NEW DELHI, 28 January — India kept up the pressure on archenemy Pakistan yesterday and announced the arrest of two people whom it called Pakistani spies in the southern state of Andhra Pradesh. New Delhi said there has been no fundamental change in troubled Kashmir despite Pakistan President Gen. Pervez Musharraf’s promise to crack down on those fighting for the territory’s separation from India.
"It has been 15 days since Musharraf’s statement. We have not seen any evidence on the ground insofar as India is concerned and so far as Jammu-Kashmir is concerned," Home Minister L.K. Advani was quoted as saying by United News of India.
Prime Minister Atal Behari Vajpayee said terrorism directed against India would not be tolerated. "To make us a target of terrorism, and we do not give an appropriate response, that is not possible," Vajpayee said in a speech to students receiving basic military training.
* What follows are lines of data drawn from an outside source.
(* Fix a Markov policy $\pi$, action thresholds $\{C^{\mathbf a}_h\}$ (hence a fixed pseudo-policy $\bar\pi$), and two sets of state thresholds $\{C^{\mathbf x}_h\}$, $\{(C^{\mathbf x}_h)'\}$. Let $\bar d^\pi_0=(\bar d^\pi_0)'=d_0$ and for $h\ge1$, $\bar d^\pi_h=\mathbf P^{\bar\pi}_{h-1}(\bar d^\pi_{h-1}\wedge C^{\mathbf x}_{h-1}d^D_{h-1})$, $(\bar d^\pi_h)'=\mathbf P^{\bar\pi}_{h-1}((\bar d^\pi_{h-1})'\wedge(C^{\mathbf x}_{h-1})'d^D_{h-1})$. Then for each $h\in[H]$: (1) (Monotonicity) if $C^{\mathbf x}_{h'}\le(C^{\mathbf x}_{h'})'$ for all $h'<h$ then $\bar d^\pi_h\le(\bar d^\pi_h)'$; and if $C^{\mathbf x}_{h'}\ge(C^{\mathbf x}_{h'})'$ for all $h'<h$ then $\bar d^\pi_h\ge(\bar d^\pi_h)'$. (2) $\|(\bar d^\pi_h)'-\bar d^\pi_h\|_1\le\sum_{h'<h}|(C^{\mathbf x}_{h'})'-C^{\mathbf x}_{h'}|$. (3) $\big|\|d^\pi_h-(\bar d^\pi_h)'\|_1-\|d^\pi_h-\bar d^\pi_h\|_1\big|\le\sum_{h'<h}|(C^{\mathbf x}_{h'})'-C^{\mathbf x}_{h'}|$.
   Context: Setting: finite-horizon episodic MDP, measurable state space $\mathcal X$, finite action space $\mathcal A$, $[H]=\{0,\dots,H-1\}$, transitions $P_h$, initial distribution $d_0$; $d^\pi_h$ is the density of $x_h$ under $\pi$. Offline data: $\mathcal D_h$ consists of tuples $(x_h,a_h,x_{h+1})$ generated by an arbitrary roll-in to $x_h$, then $a_h\sim\pi^D_h(\cdot\mid x_h)$ for a Markov single-step policy $\pi^D_h$, then $x_{h+1}\sim P_h$; $d^D_h\in\Delta(\mathcal X)$ is the marginal density of $x_h$ in $\mathcal D_h$. Notation: $a\wedge b=\min(a,b)$ pointwise; $(\mathbf P^{\bar\pi}_hd)(x'):=\iint P_h(x'\mid x,a)\bar\pi_h(a\mid x)d(x)\mathrm dx\,\mathrm da$; the pseudo-policy is $\bar\pi_h:=\pi_h\wedge C^{\mathbf a}_h\pi^D_h$. *)

From mathcomp Require Import all_boot all_order all_algebra.
From mathcomp Require Import all_classical all_reals all_analysis.
Set Implicit Arguments. Unset Strict Implicit. Unset Printing Implicit Defensive.
Import Order.TTheory GRing.Theory Num.Theory.
Local Open Scope classical_set_scope.
Local Open Scope ring_scope.
Local Open Scope ereal_scope.

(* Transition operator  (P^{pol} f)(x') = \int_x \sum_a P(x'|x,a) pol(a|x) f(x) mu(dx).
   Pk x a x' is the density (w.r.t. the reference measure mu) of P_h(x'|x,a). *)
Definition Pop {dX} {X : measurableType dX} {R : realType} {A : finType}
  (mu : {measure set X -> \bar R}) (Pk : X -> A -> X -> R) (pol : A -> X -> R)
  (f : X -> \bar R) : X -> \bar R :=
  fun x' => \int[mu]_x (\sum_(a : A) ((Pk x a x' * pol a x)%:E * f x)).

Definition pibar {R : realType} {A : finType} {X : Type}
  (pi piD : nat -> A -> X -> R) (Ca : nat -> R) (h : nat) : A -> X -> R :=
  fun a x => Order.min (pi h a x) (Ca h * piD h a x)%R.

Fixpoint dbar {dX} {X : measurableType dX} {R : realType} {A : finType}
  (mu : {measure set X -> \bar R}) (P : nat -> X -> A -> X -> R)
  (pib : nat -> A -> X -> R) (d0 : X -> R) (dD : nat -> X -> R)
  (Cx : nat -> R) (h : nat) : X -> \bar R :=
  match h with
  | 0%N => fun x => (d0 x)%:E
  | h'.+1 => Pop mu (P h') (pib h')
      (fun x => Order.min (dbar mu P pib d0 dD Cx h' x) ((Cx h' * dD h' x)%R)%:E)
  end.

Fixpoint dpi {dX} {X : measurableType dX} {R : realType} {A : finType}
  (mu : {measure set X -> \bar R}) (P : nat -> X -> A -> X -> R)
  (pi : nat -> A -> X -> R) (d0 : X -> R) (h : nat) : X -> \bar R :=
  match h with
  | 0%N => fun x => (d0 x)%:E
  | h'.+1 => Pop mu (P h') (pi h') (dpi mu P pi d0 h')
  end.

Definition L1dist {dX} {X : measurableType dX} {R : realType}
  (mu : {measure set X -> \bar R}) (f g : X -> \bar R) : \bar R :=
  \int[mu]_x `|f x - g x|.

From HB Require Import structures.
From mathcomp Require Import all_boot all_order all_algebra.
From mathcomp Require Import all_classical all_reals all_analysis.
From mathcomp Require Import measurable_realfun lra.
Import Order.TTheory GRing.Theory Num.Theory.
Local Open Scope classical_set_scope.
Local Open Scope ring_scope.
Local Open Scope ereal_scope.

(* The one-step operator P^pol is positive, additive and, when the weights
   pol(.|x) sum to at most 1 (true for the pseudo-policy, as pibar <= pi),
   mass-nonincreasing by Tonelli; so it is monotone and, through
   |Pf - Pg| <= P|f - g|, a contraction for the L1 distance. Truncating at
   C d^D is monotone in C, and |a /\ C d^D - b /\ C' d^D| <= |a - b| + |C - C'| d^D
   pointwise, so since d^D_h has mass 1 each step adds at most |C'_h - C_h| to
   the L1 distance. The last claim is the reverse triangle inequality. *)

Section extended_real_distance.
Context {R : realType}.
Implicit Types x y z : \bar R.

Lemma abse_subC x y : `|x - y| = `|y - x|.
Proof. by case: x y => [x| |] [y| |] //=; rewrite -?EFinB distrC. Qed.

Lemma lee_distD x y z : `|x - z| <= `|x - y| + `|y - z|.
Proof.
case: x y z => [x| |] [y| |] [z| |] //=; rewrite ?leey //.
by rewrite -EFinD lee_fin ler_distD.
Qed.

Lemma lee_add_dist x y : 0 <= y -> x <= y + `|x - y|.
Proof.
case: x y => [x| |] [y| |] //= y0; rewrite ?leey ?leNye //.
by rewrite -EFinD lee_fin; have := ler_norm (x - y); lra.
Qed.

Lemma fin_lee_distl x y z : x \is a fin_num -> y \is a fin_num ->
  x <= y + z -> y <= x + z -> `|x - y| <= z.
Proof.
case: x y z => [x| |] [y| |] [z| |] //= _ _; rewrite ?leey //.
by rewrite -!EFinD !lee_fin ler_norml => ? ?; apply/andP; split; lra.
Qed.

Lemma lee_dist_min x y (u v : R) :
  `|Order.min x u%:E - Order.min y v%:E| <= `|x - y| + `|u - v|%:E.
Proof.
case: x y => [x| |] [y| |] //=; rewrite ?leey //.
rewrite -!EFin_min -EFinB -EFinD lee_fin !minEle.
have := ler_norm (x - y); have := ler_norm (y - x).
have := ler_norm (u - v); have := ler_norm (v - u).
rewrite (distrC y x) (distrC v u) ler_norml.
by case: ifP => ?; case: ifP => ? *; apply/andP; split; lra.
Qed.

End extended_real_distance.

Section L1_distance.
Context d (T : measurableType d) (R : realType) (mu : {measure set T -> \bar R}).
Implicit Types f g k : T -> \bar R.

Lemma measurable_dist f g : measurable_fun setT f -> measurable_fun setT g ->
  measurable_fun setT (fun x => `|f x - g x|).
Proof. by move=> mf mg; apply: measurableT_comp => //; exact: emeasurable_funB. Qed.

Lemma ge0_integrableP f : (forall x, 0 <= f x) ->
  mu.-integrable setT f <-> measurable_fun setT f /\ \int[mu]_x f x < +oo.
Proof.
move=> f0; have -> : \int[mu]_x f x = \int[mu]_x `|f x|.
  by apply: eq_integral => x _; rewrite gee0_abs.
by split=> /integrableP.
Qed.

Lemma L1distC f g : L1dist mu f g = L1dist mu g f.
Proof. by apply: eq_integral => x _; rewrite abse_subC. Qed.

Lemma L1dist_triangle f g k : measurable_fun setT f -> measurable_fun setT g ->
  measurable_fun setT k -> L1dist mu f g <= L1dist mu f k + L1dist mu k g.
Proof.
move=> mf mg mk; rewrite /L1dist -ge0_integralD //; do ?exact: measurable_dist.
apply: ge0_le_integral => //; first exact: measurable_dist.
  by apply: emeasurable_funD; exact: measurable_dist.
by move=> x _; exact: lee_distD.
Qed.

Lemma L1dist_fin_num f g : mu.-integrable setT f -> mu.-integrable setT g ->
  L1dist mu f g \is a fin_num.
Proof.
move=> fi gi; have /integrableP[_] := integrableB measurableT fi gi.
by rewrite ge0_fin_numE //; apply: integral_ge0 => x _.
Qed.

Lemma L1dist_reverse_triangle k f g : mu.-integrable setT k ->
  mu.-integrable setT f -> mu.-integrable setT g ->
  `|L1dist mu k f - L1dist mu k g| <= L1dist mu f g.
Proof.
move=> ki fi gi; have mk := measurable_int _ ki.
have [mf mg] := conj (measurable_int _ fi) (measurable_int _ gi).
apply: fin_lee_distl; do ?exact: L1dist_fin_num.
  by rewrite (L1distC f); exact: L1dist_triangle.
exact: L1dist_triangle.
Qed.

End L1_distance.

Section substochastic_operator.
Context {d} {X : measurableType d} {R : realType} {A : finType}.
Variables (mu : {measure set X -> \bar R}) (mu_sf : sigma_finite setT mu).
Variables (Pk : X -> A -> X -> R) (pol : A -> X -> R).
Hypothesis mPk : forall a, measurable_fun setT (fun xy : X * X => Pk xy.1 a xy.2).
Hypothesis Pk_ge0 : forall x a y, (0 <= Pk x a y)%R.
Hypothesis Pk1 : forall x a, \int[mu]_y (Pk x a y)%:E = 1.
Hypothesis mpol : forall a, measurable_fun setT (pol a).
Hypothesis pol_ge0 : forall a x, (0 <= pol a x)%R.
Hypothesis pol_le1 : forall x, (\sum_(a : A) pol a x <= 1)%R.
Implicit Types f g : X -> \bar R.

(* Tonelli needs [mu] as a [{sigma_finite_measure}]; this is [mu] itself, so
   integrals against the two are convertible. *)
Let mu_sigma_finite : {sigma_finite_measure set X -> \bar R} :=
  HB.pack_for (sigma_finite_measure X R) (Measure.sort mu)
    (isSFinite.Build _ _ _ mu (sfinite_measure_sigma_finite mu_sf))
    (isSigmaFinite.Build _ _ _ mu mu_sf).

Let Pop_integrand f (xy : X * X) : \bar R :=
  \sum_(a : A) ((Pk xy.1 a xy.2 * pol a xy.1)%:E * f xy.1).

Let Pop_integrand_ge0 {f} : (forall x, 0 <= f x) ->
  forall xy, 0 <= Pop_integrand f xy.
Proof.
move=> f0 xy; apply: sume_ge0 => a _.
by apply: mule_ge0 => //; rewrite lee_fin mulr_ge0.
Qed.

Let measurable_Pop_integrand {f} : measurable_fun setT f ->
  measurable_fun setT (Pop_integrand f).
Proof.
move=> mf; apply: emeasurable_sum => a; apply: emeasurable_funM.
  apply/measurable_EFinP; apply: measurable_funM; first exact: mPk.
  exact: measurableT_comp (mpol a) measurable_fst.
exact: measurableT_comp mf measurable_fst.
Qed.

Let measurable_Pop_integrand_y {f} y : measurable_fun setT f ->
  measurable_fun setT (fun x => Pop_integrand f (x, y)).
Proof.
move=> mf; apply: measurableT_comp (measurable_Pop_integrand mf) _.
exact: pair2_measurable.
Qed.

Let integral_Pop_integrand f x : 0 <= f x ->
  \int[mu]_y Pop_integrand f (x, y) = (\sum_(a : A) pol a x)%:E * f x.
Proof.
move=> fx0; have mPkx a : measurable_fun setT (fun y => Pk x a y).
  exact: measurableT_comp (mPk a) (pair1_measurable x).
rewrite ge0_integral_sum //=; first last.
- by move=> a y _; apply: mule_ge0 => //; rewrite lee_fin mulr_ge0.
- move=> a; apply: emeasurable_funM => //.
  by apply/measurable_EFinP; exact: measurable_funM.
rewrite -sumEFin ge0_sume_distrl; last by move=> a _; rewrite lee_fin.
apply: eq_bigr => a _; rewrite ge0_integralZr //; first last.
- by move=> y _; rewrite lee_fin mulr_ge0.
- by apply/measurable_EFinP; exact: measurable_funM.
under eq_integral do rewrite EFinM.
rewrite ge0_integralZr ?Pk1 ?mul1e ?lee_fin //; last by move=> y _; rewrite lee_fin.
by apply/measurable_EFinP; exact: mPkx.
Qed.

Lemma Pop_ge0 f : (forall x, 0 <= f x) -> forall y, 0 <= Pop mu Pk pol f y.
Proof.
by move=> f0 y; apply: integral_ge0 => x _; exact: (Pop_integrand_ge0 f0 (x, y)).
Qed.

Lemma measurable_Pop f : measurable_fun setT f -> (forall x, 0 <= f x) ->
  measurable_fun setT (Pop mu Pk pol f).
Proof.
move=> mf f0.
exact: (measurable_fun_fubini_tonelli_G (m1 := mu_sigma_finite) _
  (measurable_Pop_integrand mf) (Pop_integrand_ge0 f0)).
Qed.

Lemma le_Pop f g : measurable_fun setT f -> measurable_fun setT g ->
  (forall x, 0 <= f x) -> (forall x, f x <= g x) ->
  forall y, Pop mu Pk pol f y <= Pop mu Pk pol g y.
Proof.
move=> mf mg f0 fg y; apply: ge0_le_integral => //.
- by move=> x _; exact: (Pop_integrand_ge0 f0 (x, y)).
- exact: measurable_Pop_integrand_y.
- exact: measurable_Pop_integrand_y.
move=> x _; apply: lee_sum => a _; apply: lee_wpmul2l => //.
by rewrite lee_fin mulr_ge0.
Qed.

Lemma PopD f g : measurable_fun setT f -> measurable_fun setT g ->
  (forall x, 0 <= f x) -> (forall x, 0 <= g x) ->
  forall y, Pop mu Pk pol (f \+ g) y = Pop mu Pk pol f y + Pop mu Pk pol g y.
Proof.
move=> mf mg f0 g0 y; rewrite /Pop -ge0_integralD //.
- apply: eq_integral => x _; rewrite -big_split /=; apply: eq_bigr => a _.
  by rewrite ge0_muleDr.
- by move=> x _; exact: (Pop_integrand_ge0 f0 (x, y)).
- exact: measurable_Pop_integrand_y.
- by move=> x _; exact: (Pop_integrand_ge0 g0 (x, y)).
- exact: measurable_Pop_integrand_y.
Qed.

Lemma integral_Pop_le f : measurable_fun setT f -> (forall x, 0 <= f x) ->
  \int[mu]_y Pop mu Pk pol f y <= \int[mu]_x f x.
Proof.
move=> mf f0.
rewrite /Pop -(fubini_tonelli (m1 := mu_sigma_finite) (m2 := mu_sigma_finite) _
  (measurable_Pop_integrand mf) (Pop_integrand_ge0 f0)) /=.
apply: ge0_le_integral => //.
- by move=> x _; apply: integral_ge0 => y _; exact: (Pop_integrand_ge0 f0 (x, y)).
- exact: (measurable_fun_fubini_tonelli_F (m2 := mu_sigma_finite) _
    (measurable_Pop_integrand mf) (Pop_integrand_ge0 f0)).
move=> x _; rewrite /fubini_F integral_Pop_integrand // -[leRHS]mul1e.
by apply: lee_wpmul2r => //; rewrite lee_fin.
Qed.

Lemma integrable_Pop f : (forall x, 0 <= f x) -> mu.-integrable setT f ->
  mu.-integrable setT (Pop mu Pk pol f).
Proof.
move=> f0 /integrableP[mf fi]; apply/integrableP; split; first exact: measurable_Pop.
under eq_integral do rewrite gee0_abs ?Pop_ge0 //.
apply: le_lt_trans (integral_Pop_le _ mf f0) _.
by under eq_integral do rewrite -[f _]gee0_abs //.
Qed.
Advani said Pakistan must extradite over 20 alleged terrorists wanted by New Delhi. "That can be seen as a litmus test for judging whether Gen. Musharraf’s statement is being implemented that terrorism will not be permitted in the name of the Kashmir cause," Advani told India’s Star News television.
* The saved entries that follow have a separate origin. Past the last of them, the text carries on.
Lemma Egt_Yobs_trend g :
  (Egt P G Tm Y g true - Egt P G Tm Y g false)
    - (Egt P G Tm Y0 g true - Egt P G Tm Y0 g false)
  = (-1) ^+ (v g false < v g true)%R
    * pexp P Z (switchers v V G g `&` [set w | Tm w = true]) / prob P (C g true).
Proof.
rewrite !Egt_Yobs -pexp_Z_above_T switchers_cellT -pexp_above_sub //.
- by rewrite mulrBl; ring.
- exact: measurable_cell.
- exact: measurable_Z.
- exact: integrable_Z.
Qed.

Lemma excess_trend_Yobs g :
  (Egt P G Tm Y g true - Egt P G Tm Y g false)
    - (Egt P G Tm Y0 g true - Egt P G Tm Y0 g false)
  = cexp P Z (switchers v V G g `&` [set w | Tm w = true])
    * (Egt P G Tm D g true - Egt P G Tm D g false).
Proof.
have mST := measurableI _ _ (measurable_switchers g) (measurable_eqb true mT).
rewrite Egt_Yobs_trend Egt_D_trend (pexpE P mST) //; first by ring.
exact: measurable_funTS measurable_Z.
Qed.

End did_by_group.

Theorem theorem1 (d : measure_display) (Om : measurableType d) (R : realType)
  (P : probability Om R) (Y0 Y1 V : Om -> R) (G Tm : Om -> bool)
  (v : bool -> bool -> R) :
  measurable [set w | G w] -> measurable [set w | Tm w] ->
  measurable_fun setT V -> measurable_fun setT Y0 -> measurable_fun setT Y1 ->
  P.-integrable setT (EFin \o Y0) -> P.-integrable setT (EFin \o Y1) ->
  (forall g t, (0 < P (cell G Tm g t))%E) ->
  (* Assumption 1 *)
  (forall (g t : bool) (B : set R), measurable B ->
     (P ([set w | B (V w)] `&` cell G Tm g t) * P [set w | G w = g]
      = P ([set w | B (V w)] `&` [set w | G w = g])
        * P (cell G Tm g t))%E) ->
  (* Assumption 2 *)
  let D : Om -> R := fun w => (Dtr v V G Tm w)%:R in
  Egt P G Tm D true true > Egt P G Tm D true false ->
  Egt P G Tm D true true - Egt P G Tm D true false
    > Egt P G Tm D false true - Egt P G Tm D false false ->
  (* Assumption 3 *)
  Egt P G Tm Y0 true true - Egt P G Tm Y0 true false
    = Egt P G Tm Y0 false true - Egt P G Tm Y0 false false ->
  (* Assumption 4 *)
  (forall g : bool,
     cexp P (fun w => Y1 w - Y0 w)
       [set w | G w = g /\ Tm w = true /\ Dpot v V G false w]
     = cexp P (fun w => Y1 w - Y0 w)
       [set w | G w = g /\ Tm w = false /\ Dpot v V G false w]) ->
  let Y : Om -> R := Yobs v V G Tm Y0 Y1 in
  let W_DID := DID P G Tm Y / DID P G Tm D in
  let alpha := (Egt P G Tm D true true - Egt P G Tm D true false)
                 / DID P G Tm D in
  let Ssw : set Om := [set w | (Dpot v V G false w < Dpot v V G true w)%N
                             /\ G w = true] in
  let S' : set Om := [set w | Dpot v V G false w != Dpot v V G true w
                              /\ G w = false] in
  let Delta := cexp P (fun w => Y1 w - Y0 w) (Ssw `&` [set w | Tm w = true]) in
  let Delta' := cexp P (fun w => Y1 w - Y0 w) (S' `&` [set w | Tm w = true]) in
  let rest := if P S' == 0%E then 0 else (1 - alpha) * Delta' in
  let A5 := 0 < Egt P G Tm D false true /\
            Egt P G Tm D false true = Egt P G Tm D false false /\
            Egt P G Tm D false false < 1 in
  W_DID = alpha * Delta + rest /\
  (Delta = Delta' \/ A5 -> W_DID = Delta).
Proof.
move=> /measurable_funbP mG /measurable_funbP mT mV mY0 mY1 iY0 iY1 cell_gt0 V_indep_T
  D D_up D_did Y0_trend cate_stable Y W_DID alpha Ssw S' Delta Delta' rest A5.
have gap := excess_trend_Yobs mG mT mV mY0 mY1 iY0 iY1 cell_gt0 V_indep_T cate_stable.
have gap1 := gap true; have gap0 := gap false; rewrite -/D -/Y in gap1 gap0.
have le_v := le_v_of_D_increase mG mT mV cell_gt0 V_indep_T true D_up.
rewrite -[cexp _ _ (_ `&` _)]/Delta' in gap0.
rewrite -(switchers_strict le_v) -[cexp _ _ (_ `&` _)]/Delta in gap1.
have D_null : P S' = 0%E -> Egt P G Tm D false true = Egt P G Tm D false false.
  exact: Egt_D_eq_of_null_switchers mG mT mV cell_gt0 V_indep_T false.
rewrite -subr_gt0 in D_up; rewrite -subr_gt0 in D_did.
set x := Egt P G Tm D true true - Egt P G Tm D true false in gap1 D_up D_did *.
set y := Egt P G Tm D false true - Egt P G Tm D false false in gap0 D_did D_null *.
have DIDY : DID P G Tm Y = Delta * x - Delta' * y by rewrite /DID; lra.
have DIDD : DID P G Tm D = x - y by [].
have y_eq0 : Egt P G Tm D false true = Egt P G Tm D false false -> y = 0.
  by rewrite /y => ->; exact: subrr.
have xy_neq0 : x - y != 0 by rewrite gt_eqF.
rewrite /W_DID /rest /alpha DIDY DIDD -/x; split.
  case: ifP => [/eqP/D_null/y_eq0 y0 | _]; last by field.
  by rewrite y0 !(subr0, mulr0) addr0; field; rewrite gt_eqF.
case=> [<- | [_ [/y_eq0 y0 _]]]; first by field.
by rewrite y0 !(subr0, mulr0); field; rewrite gt_eqF.
Qed.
Police in Andhra Pradesh said they have arrested two Pakistanis suspected of spying on military establishments in southern India, including the base of India’s missile development program. The suspects were identified as Ashiq Ali and Rayees Jan. The suspects, who arrived in India last year, were likely to appear in court and face charges today, police said.
Ashiq Ali was arrested in Nizamabad, a town 150 km (95 miles) north of Hyderabad, the capital of Andhra Pradesh, on Saturday, and Jan was picked up in the state capital two days ago, said Ravi Shankar Iyengar, the deputy superintendent of police.
"We have recovered many sensitive documents, maps and photographs" from Ashiq Ali, including photographs of a local military warfare college, Iyengar said. Police said they caught Ali while he was making a phone call to his Pakistani contact. Police also recovered printouts of e-mails he had sent to Pakistan.
Meanwhile, Lashkar-e-Taiba, a group fighting Indian rule in Kashmir denied that an arms cache seized by security forces in Afghanistan belonged to it.